Question about two arrays?

Source: Internet
Author: User
Question about two arrays? Delphi/Windows SDK/API
Http://www.delphi2007.net/DelphiBase/html/delphi_20061217001324138.html
Problem 1: Find the values and locations of different numbers and common numbers of the two arrays, and store the values at the same position as the same value to the array S1 ...... S9
For example:
Array value r1 is {1, 6, 23, 15, 5, 28, 8, 11, 10, 19}
Array value R2 is {, 3}

You need to find out:
Array values of different numbers of R1: S1}
Positions of different numbers of array values r1: S2 {0, 1, 5, 6, 8, 9}
Value of array R2: S3 {2, 4, 3}
Positions of different numbers of array values R2: S4 {0, 2, 5, 6, 8}
Total number of two Arrays: S5 {, 15, 5, 11}
The two arrays have a total of R1 positions: S6 {2, 3, 4, 7}
The two arrays have a total of numbers.

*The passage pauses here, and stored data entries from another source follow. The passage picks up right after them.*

Lemma nat_ind_down (P : nat -> Prop) n :
  (forall m, n <= m -> P m) -> (forall m, P (S m) -> P m) -> forall m, P m.
Proof.
  intros Hup Hdown m.
  assert (Hgap : forall j m, m + j = n -> P m).
  { induction j as [|j IH]; intros m' Hm'; [apply Hup; lia | apply Hdown, IH; lia]. }
  destruct (Nat.le_gt_cases n m); [apply Hup; auto | apply (Hgap (n - m)); lia].
Qed.

Section FilterModel.

Variables (T : Type) (le : T -> T -> Prop) (bot : T).
Hypotheses (HR : omega_algebraic_lattice le) (Hbot : forall x, le bot x).

Lemma le_refl x : le x x.
Proof. destruct HR as [H _]; apply H. Qed.

Lemma le_trans x y z : le x y -> le y z -> le x z.
Proof. destruct HR as [_ [H _]]; apply H. Qed.

Lemma le_antisym x y : le x y -> le y x -> x = y.
Proof. destruct HR as [_ [_ [H _]]]; apply H. Qed.

Lemma le_compact_approx x : is_lub le (fun a => compact le a /\ le a x) x.
Proof. destruct HR as [_ [_ [_ [_ [H _]]]]]; apply H. Qed.

Definition sup (S : T -> Prop) : T :=
  proj1_sig (constructive_indefinite_description _ (proj1 (proj2 (proj2 (proj2 HR))) S)).

Lemma sup_lub S : is_lub le S (sup S).
Proof. unfold sup; destruct (constructive_indefinite_description _ _); auto. Qed.

Lemma sup_ub S x : S x -> le x (sup S).
Proof. intro; apply (sup_lub S); auto. Qed.

Lemma sup_least S z : (forall x, S x -> le x z) -> le (sup S) z.
Proof. intro; apply (sup_lub S); auto. Qed.

Lemma sup_mono (S S' : T -> Prop) :
  (forall x, S x -> exists y, S' y /\ le x y) -> le (sup S) (sup S').
Proof.
  intro H; apply sup_least; intros x Sx.
  destruct (H x Sx) as [y [S'y Hxy]].
  apply le_trans with y; [exact Hxy | apply sup_ub, S'y].
Qed.
Section TestFamily.
Variables (R : realType) (n : nat).
Hypothesis n_ge2 : (2 <= n)%N.
Local Notation C := R[i].
Local Notation P3 := {poly {poly {poly C}}}.

Definition eval3 (e x y : C) : {rmorphism P3 -> C} :=
  horner_eval e \o map_poly (eval2 x y).

Lemma eval3C e x y c : eval3 e x y c%:P%:P%:P = c.
Proof. by rewrite /= map_polyC !horner_evalE !hornerC /= map_polyC /= !horner_evalE !hornerC. Qed.

Lemma eval3X e x y : eval3 e x y 'X = e.
Proof. by rewrite /= map_polyX horner_evalE hornerX. Qed.

Lemma eval3XC e x y : eval3 e x y 'X%:P = x.
Proof. by rewrite /= map_polyC !horner_evalE hornerC /= map_polyX horner_evalE hornerX. Qed.

Lemma eval3XCC e x y : eval3 e x y 'X%:P%:P = y.
Proof.
by rewrite /= map_polyC !horner_evalE hornerC /= map_polyC horner_evalE hornerC /=
  horner_evalE hornerX.
Qed.

Definition test_point (k a b : nat) (j : 'I_n.+1) : C :=
  if j == ord0 then k%:R * (a%:R + 'i * b%:R)
  else if j == inord 1 then k%:R else if j == inord 2 then 1 else 0.

(* [test_point k a b] as a polynomial in k (outer), a and b (inner);
   [conjugate] selects its complex conjugate. *)
Definition test_var (conjugate : bool) (j : 'I_n.+1) : P3 :=
  if j == ord0 then 'X * ('X%:P + (if conjugate then - 'i else 'i)%:P%:P%:P * 'X%:P%:P)
  else if j == inord 1 then 'X else if j == inord 2 then 1 else 0.

Definition test_poly (p : cpoly R n) : P3 :=
  mmap (fun c => c%:P%:P%:P)
    (fun i => match split i with inl j => test_var false j | inr j => test_var true j end) p.

Lemma conj_test_point0 (k a b : nat) :
  (k%:R * (a%:R + 'i * b%:R))^* = k%:R * (a%:R - 'i * b%:R) :> C.
Proof. by rewrite rmorphM rmorphD rmorphM /= !conjC_nat conjCi mulNr. Qed.

Lemma eval3_test_poly p k a b : eval3 k%:R a%:R b%:R (test_poly p) = ev p (test_point k a b).
Proof.
rewrite /test_poly /mmap rmorph_sum /ev mevalE; apply: eq_bigr => m _.
rewrite rmorphM eval3C /mmap1 rmorph_prod; congr (_ * _); apply: eq_bigr => i _.
rewrite rmorphXn; congr (_ ^+ _).
rewrite /zpt /test_var /test_point; case: (split i) => j.
  case: ifP => _.
    rewrite rmorphM rmorphD rmorphM; congr (_ * (_ + _ * _)).
    - exact: eval3X.
    - exact: eval3XC.
    - exact: eval3C.
    - exact: eval3XCC.
  case: ifP => _; first exact: eval3X.
  by case: ifP => _; [apply: rmorph1 | apply: rmorph0].
case: ifP => _.
  rewrite conj_test_point0 -mulNr rmorphM rmorphD rmorphM; congr (_ * (_ + _ * _)).
  - exact: eval3X.
  - exact: eval3XC.
  - exact: eval3C.
  - exact: eval3XCC.
case: ifP => _; first by rewrite eval3X conjC_nat.
by case: ifP => _; [rewrite conjC1; apply: rmorph1 | rewrite conjC0; apply: rmorph0].
Qed.

Lemma inord12_neq :
  [/\ (inord 1 == ord0 :> 'I_n.+1) = false, (inord 2 == ord0 :> 'I_n.+1) = false
    & (inord 2 == inord 1 :> 'I_n.+1) = false].
Proof.
have val1 : val (inord 1 : 'I_n.+1) = 1%N by apply: inordK; rewrite ltnS ltnW.
have val2 : val (inord 2 : 'I_n.+1) = 2%N by apply: inordK; rewrite ltnS.
by split; rewrite -val_eqE /= ?val1 ?val2.
Qed.

Lemma ev_Jpoly_test_point k a b : ev (Jpoly R n) (test_point k a b) =
  ((((a ^ 2 + b ^ 2 + 1) * k ^ 2 + 1)%N%:R : R)%:C)%C.
Proof.
have [ne10 ne20 ne21] := inord12_neq.
rewrite ev_Jpoly (bigD1 ord0) //= (bigD1 (inord 1)) /= ?ne10 //.
rewrite (bigD1 (inord 2)) /= ?ne20 ?ne21 // big1 => [|j].
  rewrite /test_point eqxx ne10 ne20 ne21 !eqxx conj_test_point0 conjC1 conjC_nat.
  rewrite rmorph_nat !(natrD, natrM, natrX) addr0 mulr1.
  have -> : (k%:R * (a%:R + 'i * b%:R)) * (k%:R * (a%:R - 'i * b%:R)) =
            k%:R ^+ 2 * (a%:R ^+ 2 - 'i ^+ 2 * b%:R ^+ 2) :> C by ring.
  by rewrite sqrCi; ring.
by case/andP => /andP [/negbTE j0 /negbTE j1] /negbTE j2; rewrite /test_point j0 j1 j2 mul0r.
Qed.

Lemma ev_fpoly_test_point k a b :
  ev (fpoly R n) (test_point k a b) = k%:R ^+ 12 * motzkin a%:R b%:R.
Proof.
have [ne10 _ _] := inord12_neq.
rewrite ev_fpoly /test_point eqxx ne10 eqxx conj_test_point0 conjC_nat /fform /motzkin.
set x : C := k%:R; set u : C := a%:R; set v : C := b%:R.
have -> : (x * (u + 'i * v)) ^+ 2 * x ^+ 2 - (x * (u - 'i * v)) ^+ 2 * x ^+ 2 =
          'i * (4%:R * x ^+ 4 * u * v) by ring.
have -> : x * (u + 'i * v) * (x * (u - 'i * v)) = x ^+ 2 * (u ^+ 2 - 'i ^+ 2 * v ^+ 2)
  by ring.
by rewrite exprMn sqrCi; field.
Qed.

End TestFamily.

Lemma herm_sum_test_poly (R : realType) (n : nat) (I : finType) (G : I -> cpoly R n)
    (c : R[i]) (N : nat) :
  (forall k a b : nat,
     \sum_i ev (G i) (test_point R k a b) * (ev (G i) (test_point R k a b))^* =
     c * (((a ^ 2 + b ^ 2 + 1) * k ^ 2 + 1)%N%:R) ^+ N * (k%:R ^+ 12 * motzkin a%:R b%:R)) ->
  forall a b : nat,
    \sum_i eval2 a%:R b%:R (test_poly (G i))`_6 * (eval2 a%:R b%:R (test_poly (G i))`_6)^* =
    c * motzkin a%:R b%:R.
Proof.
move=> herm a b.
pose P i := map_poly (eval2 a%:R b%:R) (test_poly (G i)).
pose Q : {poly R[i]} :=
  (c * motzkin a%:R b%:R) *: ((1 + (a ^ 2 + b ^ 2 + 1)%N%:R *: 'X^2) ^+ N * 'X^12).
have PQ : \sum_i P i * conjp (P i) = Q.
  apply: herm_sum_on_nat => k.
  have evP i : (P i).[k%:R] = ev (G i) (test_point R k a b) by rewrite -eval3_test_poly.
  under eq_bigr => i _ do rewrite evP.
  rewrite herm /Q hornerZ hornerM horner_exp hornerD hornerZ !hornerXn.
  rewrite -[1 : {poly _}]polyC1 hornerC (natrD _ _ 1) natrM natrX addrC.
  by move: (_ ^+ N) => B; ring.
have Qlow k : (k < 6.*2)%N -> Q`_k = 0 by move=> ltk; rewrite /Q coefZ coefMXn ltk mulr0.
have [_ coef6] := herm_sum_low PQ Qlow.
rewrite (_ : c * _ = Q`_(6.*2)); last first.
  rewrite /Q coefZ coefMXn ltnn subnn -horner_coef0 horner_exp hornerD hornerZ hornerXn.
  by rewrite -[1 : {poly _}]polyC1 hornerC expr0n /= mulr0 addr0 expr1n mulr1.
by rewrite -coef6; apply: eq_bigr => i _; rewrite coef_map.
Qed.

The positions of R1 are S7 {1, 3, 4, 7}
Values of the two arrays with the same value in the same position: S8 {, 11}
Location where the two arrays share the same value: S9 {3, 4, 7}

Note: in practice, dynamic arrays are used, and they are large. You need a streamlined approach !!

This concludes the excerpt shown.